Task description
Among the lines below, copy exactly those from the one with "(* p is the" through the one with "Definition Bvert (r", counting both ends.

Material for the task below:

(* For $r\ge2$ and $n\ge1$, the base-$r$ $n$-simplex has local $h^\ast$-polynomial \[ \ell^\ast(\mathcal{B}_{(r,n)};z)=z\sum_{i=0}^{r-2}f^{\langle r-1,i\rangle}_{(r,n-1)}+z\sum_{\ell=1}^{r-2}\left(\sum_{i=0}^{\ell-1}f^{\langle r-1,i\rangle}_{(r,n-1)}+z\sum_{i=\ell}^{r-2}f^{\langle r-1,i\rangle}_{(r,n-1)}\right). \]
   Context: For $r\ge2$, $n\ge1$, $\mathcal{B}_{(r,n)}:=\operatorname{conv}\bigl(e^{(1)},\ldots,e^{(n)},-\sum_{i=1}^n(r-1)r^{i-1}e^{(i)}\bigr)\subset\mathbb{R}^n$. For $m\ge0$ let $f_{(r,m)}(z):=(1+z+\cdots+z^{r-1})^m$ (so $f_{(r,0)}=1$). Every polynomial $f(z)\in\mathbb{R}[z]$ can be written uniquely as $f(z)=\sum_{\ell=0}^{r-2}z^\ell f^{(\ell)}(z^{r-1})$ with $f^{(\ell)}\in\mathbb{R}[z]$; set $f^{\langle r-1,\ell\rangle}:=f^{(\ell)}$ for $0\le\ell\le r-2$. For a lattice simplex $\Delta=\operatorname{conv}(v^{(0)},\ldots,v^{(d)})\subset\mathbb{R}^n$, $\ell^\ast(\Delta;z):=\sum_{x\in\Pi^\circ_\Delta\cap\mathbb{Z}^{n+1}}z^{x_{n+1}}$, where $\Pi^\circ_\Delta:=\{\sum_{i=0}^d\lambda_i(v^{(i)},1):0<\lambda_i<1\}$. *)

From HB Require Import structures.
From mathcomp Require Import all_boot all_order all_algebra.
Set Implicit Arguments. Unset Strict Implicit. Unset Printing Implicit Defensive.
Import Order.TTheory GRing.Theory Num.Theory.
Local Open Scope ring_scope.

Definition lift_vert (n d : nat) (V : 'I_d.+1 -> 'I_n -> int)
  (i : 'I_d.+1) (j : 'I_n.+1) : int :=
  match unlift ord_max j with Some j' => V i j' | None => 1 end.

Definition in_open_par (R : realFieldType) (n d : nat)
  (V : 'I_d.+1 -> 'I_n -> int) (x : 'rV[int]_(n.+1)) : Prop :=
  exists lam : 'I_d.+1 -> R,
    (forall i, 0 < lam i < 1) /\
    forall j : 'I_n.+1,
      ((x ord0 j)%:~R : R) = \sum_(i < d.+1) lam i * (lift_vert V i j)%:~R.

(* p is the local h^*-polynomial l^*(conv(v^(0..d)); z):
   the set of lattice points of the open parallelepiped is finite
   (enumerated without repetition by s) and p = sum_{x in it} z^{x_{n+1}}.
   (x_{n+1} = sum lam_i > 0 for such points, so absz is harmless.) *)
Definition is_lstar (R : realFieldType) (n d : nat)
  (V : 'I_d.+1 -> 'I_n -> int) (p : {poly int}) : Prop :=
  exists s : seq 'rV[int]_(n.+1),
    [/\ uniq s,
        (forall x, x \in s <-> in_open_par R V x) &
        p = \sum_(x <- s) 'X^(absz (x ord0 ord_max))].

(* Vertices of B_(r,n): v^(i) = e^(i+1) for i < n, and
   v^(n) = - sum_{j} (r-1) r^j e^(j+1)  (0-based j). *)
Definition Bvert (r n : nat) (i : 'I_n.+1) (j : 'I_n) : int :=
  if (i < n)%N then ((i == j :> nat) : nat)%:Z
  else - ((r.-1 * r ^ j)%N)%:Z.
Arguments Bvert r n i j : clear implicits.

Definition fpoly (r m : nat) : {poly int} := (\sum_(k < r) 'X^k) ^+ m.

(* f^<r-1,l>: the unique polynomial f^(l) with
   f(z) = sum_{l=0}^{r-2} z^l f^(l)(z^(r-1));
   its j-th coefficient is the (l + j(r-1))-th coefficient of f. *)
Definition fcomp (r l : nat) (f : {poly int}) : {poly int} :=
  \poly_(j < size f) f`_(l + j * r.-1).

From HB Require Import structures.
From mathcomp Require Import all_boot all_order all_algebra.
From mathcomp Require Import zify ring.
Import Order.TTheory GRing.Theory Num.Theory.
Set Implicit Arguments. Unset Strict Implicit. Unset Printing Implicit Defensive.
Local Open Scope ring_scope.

End of Material for the task.

Reply
(* p is the local h^*-polynomial l^*(conv(v^(0..d)); z):
   the set of lattice points of the open parallelepiped is finite
   (enumerated without repetition by s) and p = sum_{x in it} z^{x_{n+1}}.
   (x_{n+1} = sum lam_i > 0 for such points, so absz is harmless.) *)
Definition is_lstar (R : realFieldType) (n d : nat)
  (V : 'I_d.+1 -> 'I_n -> int) (p : {poly int}) : Prop :=
  exists s : seq 'rV[int]_(n.+1),
    [/\ uniq s,
        (forall x, x \in s <-> in_open_par R V x) &
        p = \sum_(x <- s) 'X^(absz (x ord0 ord_max))].

(* Vertices of B_(r,n): v^(i) = e^(i+1) for i < n, and
   v^(n) = - sum_{j} (r-1) r^j e^(j+1)  (0-based j). *)
Definition Bvert (r n : nat) (i : 'I_n.+1) (j : 'I_n) : int :=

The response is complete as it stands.